MATERIAL FOR THE TASK Start Marker

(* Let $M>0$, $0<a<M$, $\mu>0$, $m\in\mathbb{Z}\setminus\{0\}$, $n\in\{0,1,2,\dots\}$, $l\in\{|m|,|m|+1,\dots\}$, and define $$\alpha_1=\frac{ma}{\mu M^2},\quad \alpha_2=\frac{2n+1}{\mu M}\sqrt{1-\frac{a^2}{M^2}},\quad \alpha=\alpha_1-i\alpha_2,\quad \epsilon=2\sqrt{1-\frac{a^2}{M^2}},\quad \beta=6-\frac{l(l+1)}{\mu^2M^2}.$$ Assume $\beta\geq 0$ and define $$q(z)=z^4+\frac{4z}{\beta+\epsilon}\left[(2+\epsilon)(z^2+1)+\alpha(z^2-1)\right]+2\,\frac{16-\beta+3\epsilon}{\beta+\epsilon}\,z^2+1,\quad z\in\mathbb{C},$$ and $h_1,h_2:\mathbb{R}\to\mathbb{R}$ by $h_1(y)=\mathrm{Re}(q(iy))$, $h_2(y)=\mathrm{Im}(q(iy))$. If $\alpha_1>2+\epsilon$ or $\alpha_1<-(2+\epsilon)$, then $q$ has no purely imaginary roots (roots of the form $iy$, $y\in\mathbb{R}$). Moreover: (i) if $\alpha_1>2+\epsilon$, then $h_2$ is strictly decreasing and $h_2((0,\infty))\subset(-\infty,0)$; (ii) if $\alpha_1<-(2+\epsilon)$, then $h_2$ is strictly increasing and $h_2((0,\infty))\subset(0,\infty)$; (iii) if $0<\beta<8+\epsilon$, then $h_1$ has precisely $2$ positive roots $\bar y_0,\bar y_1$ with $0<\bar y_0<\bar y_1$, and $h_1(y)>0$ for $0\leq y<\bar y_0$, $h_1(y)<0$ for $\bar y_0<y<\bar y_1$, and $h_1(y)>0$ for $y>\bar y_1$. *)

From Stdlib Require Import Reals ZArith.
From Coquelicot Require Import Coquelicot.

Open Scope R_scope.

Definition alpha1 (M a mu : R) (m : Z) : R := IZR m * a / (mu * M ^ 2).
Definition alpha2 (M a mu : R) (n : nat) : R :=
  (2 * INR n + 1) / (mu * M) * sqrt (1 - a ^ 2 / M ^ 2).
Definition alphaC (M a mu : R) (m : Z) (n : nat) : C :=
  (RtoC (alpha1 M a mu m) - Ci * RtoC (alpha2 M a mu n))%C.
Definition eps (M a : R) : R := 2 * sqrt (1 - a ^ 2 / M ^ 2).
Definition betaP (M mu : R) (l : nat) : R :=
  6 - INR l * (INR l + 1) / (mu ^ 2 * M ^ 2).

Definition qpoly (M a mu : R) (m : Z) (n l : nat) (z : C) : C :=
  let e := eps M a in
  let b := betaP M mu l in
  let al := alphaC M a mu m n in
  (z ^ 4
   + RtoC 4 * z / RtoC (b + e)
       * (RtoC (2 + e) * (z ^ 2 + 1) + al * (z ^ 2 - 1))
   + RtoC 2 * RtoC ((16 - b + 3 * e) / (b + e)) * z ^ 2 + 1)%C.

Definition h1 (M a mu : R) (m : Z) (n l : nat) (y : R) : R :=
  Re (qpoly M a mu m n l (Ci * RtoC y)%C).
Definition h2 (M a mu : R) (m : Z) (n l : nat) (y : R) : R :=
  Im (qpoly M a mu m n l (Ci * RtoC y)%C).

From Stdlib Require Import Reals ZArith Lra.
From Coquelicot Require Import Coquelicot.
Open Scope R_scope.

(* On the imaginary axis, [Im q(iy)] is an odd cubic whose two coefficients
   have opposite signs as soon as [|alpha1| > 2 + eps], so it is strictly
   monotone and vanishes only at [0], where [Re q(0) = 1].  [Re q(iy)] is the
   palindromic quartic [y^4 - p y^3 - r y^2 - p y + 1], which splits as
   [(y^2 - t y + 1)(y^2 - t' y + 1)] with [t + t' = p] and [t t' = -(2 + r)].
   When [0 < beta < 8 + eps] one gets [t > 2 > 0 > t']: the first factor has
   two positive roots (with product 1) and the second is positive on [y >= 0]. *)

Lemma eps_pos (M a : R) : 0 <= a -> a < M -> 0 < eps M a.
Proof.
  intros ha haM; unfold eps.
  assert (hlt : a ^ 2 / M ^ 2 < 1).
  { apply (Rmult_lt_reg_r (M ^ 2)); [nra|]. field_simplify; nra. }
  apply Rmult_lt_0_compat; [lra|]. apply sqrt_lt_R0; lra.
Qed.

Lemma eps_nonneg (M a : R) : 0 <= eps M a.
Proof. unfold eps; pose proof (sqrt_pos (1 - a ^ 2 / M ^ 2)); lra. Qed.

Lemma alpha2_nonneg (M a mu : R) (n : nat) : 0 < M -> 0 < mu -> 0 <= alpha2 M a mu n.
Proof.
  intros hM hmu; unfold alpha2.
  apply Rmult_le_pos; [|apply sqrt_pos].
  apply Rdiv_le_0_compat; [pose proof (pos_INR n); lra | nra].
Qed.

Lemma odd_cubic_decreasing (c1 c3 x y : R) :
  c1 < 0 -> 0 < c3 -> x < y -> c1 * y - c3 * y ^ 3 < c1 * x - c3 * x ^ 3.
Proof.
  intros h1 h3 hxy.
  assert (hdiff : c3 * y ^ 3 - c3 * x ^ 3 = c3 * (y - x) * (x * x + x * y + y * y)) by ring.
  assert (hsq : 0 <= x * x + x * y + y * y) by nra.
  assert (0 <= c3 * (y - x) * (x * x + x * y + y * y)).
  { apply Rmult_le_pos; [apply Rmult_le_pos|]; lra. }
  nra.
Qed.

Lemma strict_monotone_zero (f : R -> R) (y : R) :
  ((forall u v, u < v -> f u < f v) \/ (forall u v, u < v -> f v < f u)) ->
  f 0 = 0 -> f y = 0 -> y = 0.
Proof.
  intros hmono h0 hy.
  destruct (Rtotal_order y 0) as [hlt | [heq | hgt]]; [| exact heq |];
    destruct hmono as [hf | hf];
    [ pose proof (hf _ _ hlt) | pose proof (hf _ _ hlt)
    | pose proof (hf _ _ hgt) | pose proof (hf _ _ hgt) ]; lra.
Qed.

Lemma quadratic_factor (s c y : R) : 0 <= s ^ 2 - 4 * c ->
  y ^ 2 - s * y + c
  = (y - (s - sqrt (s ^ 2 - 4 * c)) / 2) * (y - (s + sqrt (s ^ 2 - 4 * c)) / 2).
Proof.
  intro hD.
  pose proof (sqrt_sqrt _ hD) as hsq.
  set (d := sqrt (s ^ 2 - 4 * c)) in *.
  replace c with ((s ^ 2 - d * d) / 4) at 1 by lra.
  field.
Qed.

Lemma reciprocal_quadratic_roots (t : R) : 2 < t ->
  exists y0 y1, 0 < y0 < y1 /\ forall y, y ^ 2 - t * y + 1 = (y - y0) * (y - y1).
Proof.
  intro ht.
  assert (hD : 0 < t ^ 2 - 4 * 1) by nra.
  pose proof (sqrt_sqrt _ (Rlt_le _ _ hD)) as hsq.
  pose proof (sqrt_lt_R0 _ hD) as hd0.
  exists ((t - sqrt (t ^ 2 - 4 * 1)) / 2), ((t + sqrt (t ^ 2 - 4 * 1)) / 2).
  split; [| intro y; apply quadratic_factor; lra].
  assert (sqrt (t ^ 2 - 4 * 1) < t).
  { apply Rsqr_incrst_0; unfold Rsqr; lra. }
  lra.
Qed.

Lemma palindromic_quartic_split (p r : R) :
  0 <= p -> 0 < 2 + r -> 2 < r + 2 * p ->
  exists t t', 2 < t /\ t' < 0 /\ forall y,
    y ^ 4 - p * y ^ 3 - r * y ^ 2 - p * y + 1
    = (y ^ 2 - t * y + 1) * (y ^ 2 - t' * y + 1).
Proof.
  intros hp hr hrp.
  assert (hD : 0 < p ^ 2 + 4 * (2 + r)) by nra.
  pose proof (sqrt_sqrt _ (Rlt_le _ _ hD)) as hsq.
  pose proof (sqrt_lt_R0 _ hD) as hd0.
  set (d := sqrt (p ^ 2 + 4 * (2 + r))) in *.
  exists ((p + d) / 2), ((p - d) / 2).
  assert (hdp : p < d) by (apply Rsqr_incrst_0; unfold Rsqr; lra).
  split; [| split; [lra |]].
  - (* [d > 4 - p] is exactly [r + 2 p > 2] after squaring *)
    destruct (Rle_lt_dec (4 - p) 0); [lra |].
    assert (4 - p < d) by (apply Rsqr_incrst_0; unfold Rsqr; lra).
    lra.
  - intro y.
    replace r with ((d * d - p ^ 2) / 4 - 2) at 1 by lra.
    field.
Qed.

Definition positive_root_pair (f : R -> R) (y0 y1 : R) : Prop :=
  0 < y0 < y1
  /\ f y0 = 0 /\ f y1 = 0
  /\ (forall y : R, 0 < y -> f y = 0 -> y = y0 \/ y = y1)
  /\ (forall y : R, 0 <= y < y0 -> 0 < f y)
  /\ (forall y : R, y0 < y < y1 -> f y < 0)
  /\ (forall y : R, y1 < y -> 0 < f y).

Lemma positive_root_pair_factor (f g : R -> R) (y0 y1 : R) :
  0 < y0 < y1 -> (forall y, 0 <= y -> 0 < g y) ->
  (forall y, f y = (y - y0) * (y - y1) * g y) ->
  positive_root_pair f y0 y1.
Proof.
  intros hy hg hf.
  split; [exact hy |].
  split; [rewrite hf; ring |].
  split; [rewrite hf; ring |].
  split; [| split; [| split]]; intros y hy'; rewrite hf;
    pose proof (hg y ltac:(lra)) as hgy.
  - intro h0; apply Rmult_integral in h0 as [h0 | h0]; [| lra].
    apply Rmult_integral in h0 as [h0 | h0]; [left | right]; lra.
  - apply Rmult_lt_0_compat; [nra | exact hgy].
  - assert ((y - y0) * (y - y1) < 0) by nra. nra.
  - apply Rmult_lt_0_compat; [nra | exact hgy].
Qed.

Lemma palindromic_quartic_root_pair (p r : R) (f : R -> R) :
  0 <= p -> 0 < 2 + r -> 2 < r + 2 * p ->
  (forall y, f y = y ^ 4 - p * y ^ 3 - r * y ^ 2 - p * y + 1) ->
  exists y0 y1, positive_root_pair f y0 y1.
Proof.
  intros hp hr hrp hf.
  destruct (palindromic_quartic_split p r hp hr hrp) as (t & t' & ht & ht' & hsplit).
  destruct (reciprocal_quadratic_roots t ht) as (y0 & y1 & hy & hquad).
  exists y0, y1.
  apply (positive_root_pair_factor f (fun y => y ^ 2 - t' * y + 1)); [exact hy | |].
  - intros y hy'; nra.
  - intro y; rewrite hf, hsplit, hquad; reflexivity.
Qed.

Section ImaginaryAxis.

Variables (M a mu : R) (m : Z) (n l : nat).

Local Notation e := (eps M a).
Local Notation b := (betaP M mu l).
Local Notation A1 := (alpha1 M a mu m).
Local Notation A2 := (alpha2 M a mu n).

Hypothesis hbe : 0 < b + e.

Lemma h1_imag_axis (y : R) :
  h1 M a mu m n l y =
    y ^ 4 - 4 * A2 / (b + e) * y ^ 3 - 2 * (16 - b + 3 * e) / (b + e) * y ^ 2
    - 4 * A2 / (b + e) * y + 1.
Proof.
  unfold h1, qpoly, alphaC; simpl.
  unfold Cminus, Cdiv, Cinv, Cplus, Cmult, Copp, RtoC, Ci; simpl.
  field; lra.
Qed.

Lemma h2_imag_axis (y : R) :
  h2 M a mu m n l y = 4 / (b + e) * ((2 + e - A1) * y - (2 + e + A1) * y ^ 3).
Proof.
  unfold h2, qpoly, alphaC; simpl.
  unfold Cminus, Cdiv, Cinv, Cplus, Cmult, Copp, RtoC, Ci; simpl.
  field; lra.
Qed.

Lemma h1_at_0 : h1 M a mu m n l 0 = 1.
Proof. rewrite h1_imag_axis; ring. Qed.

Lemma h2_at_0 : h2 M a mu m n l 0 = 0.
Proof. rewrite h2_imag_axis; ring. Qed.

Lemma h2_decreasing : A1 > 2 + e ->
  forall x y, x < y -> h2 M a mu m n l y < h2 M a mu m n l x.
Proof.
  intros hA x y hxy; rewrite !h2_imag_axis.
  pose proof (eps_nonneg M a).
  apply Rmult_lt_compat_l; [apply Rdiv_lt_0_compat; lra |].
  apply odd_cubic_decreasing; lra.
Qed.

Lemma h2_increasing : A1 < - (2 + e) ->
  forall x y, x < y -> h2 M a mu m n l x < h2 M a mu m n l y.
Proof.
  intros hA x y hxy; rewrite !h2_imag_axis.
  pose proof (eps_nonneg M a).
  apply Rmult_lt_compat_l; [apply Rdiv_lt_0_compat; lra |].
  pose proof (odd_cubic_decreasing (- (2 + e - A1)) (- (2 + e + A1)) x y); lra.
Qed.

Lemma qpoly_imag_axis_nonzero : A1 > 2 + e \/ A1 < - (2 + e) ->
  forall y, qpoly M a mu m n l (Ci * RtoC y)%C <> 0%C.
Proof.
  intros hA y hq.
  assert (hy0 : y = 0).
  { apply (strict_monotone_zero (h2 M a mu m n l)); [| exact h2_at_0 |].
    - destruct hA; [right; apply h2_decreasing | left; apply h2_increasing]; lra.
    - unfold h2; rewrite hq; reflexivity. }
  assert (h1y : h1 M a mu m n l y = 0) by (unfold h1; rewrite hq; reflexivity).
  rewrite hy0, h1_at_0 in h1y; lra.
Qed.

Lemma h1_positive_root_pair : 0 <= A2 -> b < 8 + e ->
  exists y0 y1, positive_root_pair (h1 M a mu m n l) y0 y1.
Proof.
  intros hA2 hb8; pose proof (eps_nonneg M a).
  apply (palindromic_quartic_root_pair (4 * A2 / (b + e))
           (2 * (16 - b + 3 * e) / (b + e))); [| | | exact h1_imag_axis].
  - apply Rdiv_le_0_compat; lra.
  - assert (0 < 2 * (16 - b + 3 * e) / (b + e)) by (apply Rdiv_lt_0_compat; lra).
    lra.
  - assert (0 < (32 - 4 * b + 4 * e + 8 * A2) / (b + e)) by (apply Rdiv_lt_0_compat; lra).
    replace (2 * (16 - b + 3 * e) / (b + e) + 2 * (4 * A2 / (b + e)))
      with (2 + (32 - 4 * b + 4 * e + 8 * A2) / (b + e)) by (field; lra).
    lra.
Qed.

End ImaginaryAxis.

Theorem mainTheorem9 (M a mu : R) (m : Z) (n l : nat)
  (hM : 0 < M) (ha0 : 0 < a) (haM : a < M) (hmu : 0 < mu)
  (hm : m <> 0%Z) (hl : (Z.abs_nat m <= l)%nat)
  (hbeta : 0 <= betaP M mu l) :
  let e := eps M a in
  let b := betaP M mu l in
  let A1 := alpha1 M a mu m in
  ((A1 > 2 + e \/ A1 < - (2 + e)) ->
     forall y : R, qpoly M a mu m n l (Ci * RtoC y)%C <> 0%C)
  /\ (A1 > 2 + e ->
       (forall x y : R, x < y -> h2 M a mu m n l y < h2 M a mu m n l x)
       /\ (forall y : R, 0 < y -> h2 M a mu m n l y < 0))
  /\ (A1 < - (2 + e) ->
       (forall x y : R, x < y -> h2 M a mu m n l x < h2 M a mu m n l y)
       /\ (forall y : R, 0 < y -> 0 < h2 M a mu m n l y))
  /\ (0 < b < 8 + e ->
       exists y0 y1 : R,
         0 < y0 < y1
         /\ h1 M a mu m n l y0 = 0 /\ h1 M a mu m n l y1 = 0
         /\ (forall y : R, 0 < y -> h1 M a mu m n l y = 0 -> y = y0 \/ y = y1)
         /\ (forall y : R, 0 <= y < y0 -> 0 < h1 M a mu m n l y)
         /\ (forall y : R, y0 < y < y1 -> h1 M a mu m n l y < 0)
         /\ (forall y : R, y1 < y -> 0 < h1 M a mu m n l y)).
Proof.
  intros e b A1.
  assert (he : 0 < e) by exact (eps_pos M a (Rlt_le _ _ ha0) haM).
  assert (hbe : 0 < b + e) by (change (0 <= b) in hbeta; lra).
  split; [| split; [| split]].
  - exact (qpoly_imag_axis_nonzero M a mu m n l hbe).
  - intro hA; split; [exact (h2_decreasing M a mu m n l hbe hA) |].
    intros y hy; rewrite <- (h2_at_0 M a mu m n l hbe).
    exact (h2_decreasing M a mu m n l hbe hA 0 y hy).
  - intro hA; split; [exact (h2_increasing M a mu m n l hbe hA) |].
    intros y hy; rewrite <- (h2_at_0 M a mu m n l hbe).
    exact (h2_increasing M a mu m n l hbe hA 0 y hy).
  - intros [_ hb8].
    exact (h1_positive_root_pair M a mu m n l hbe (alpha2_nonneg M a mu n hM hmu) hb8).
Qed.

MATERIAL FOR THE TASK End Marker

ACTION ITEM: If a line in the material above contains "Reals", show that line.

ANSWER FOR THE TASK:
From Stdlib Require Import Reals ZArith.
From Stdlib Require Import Reals ZArith Lra.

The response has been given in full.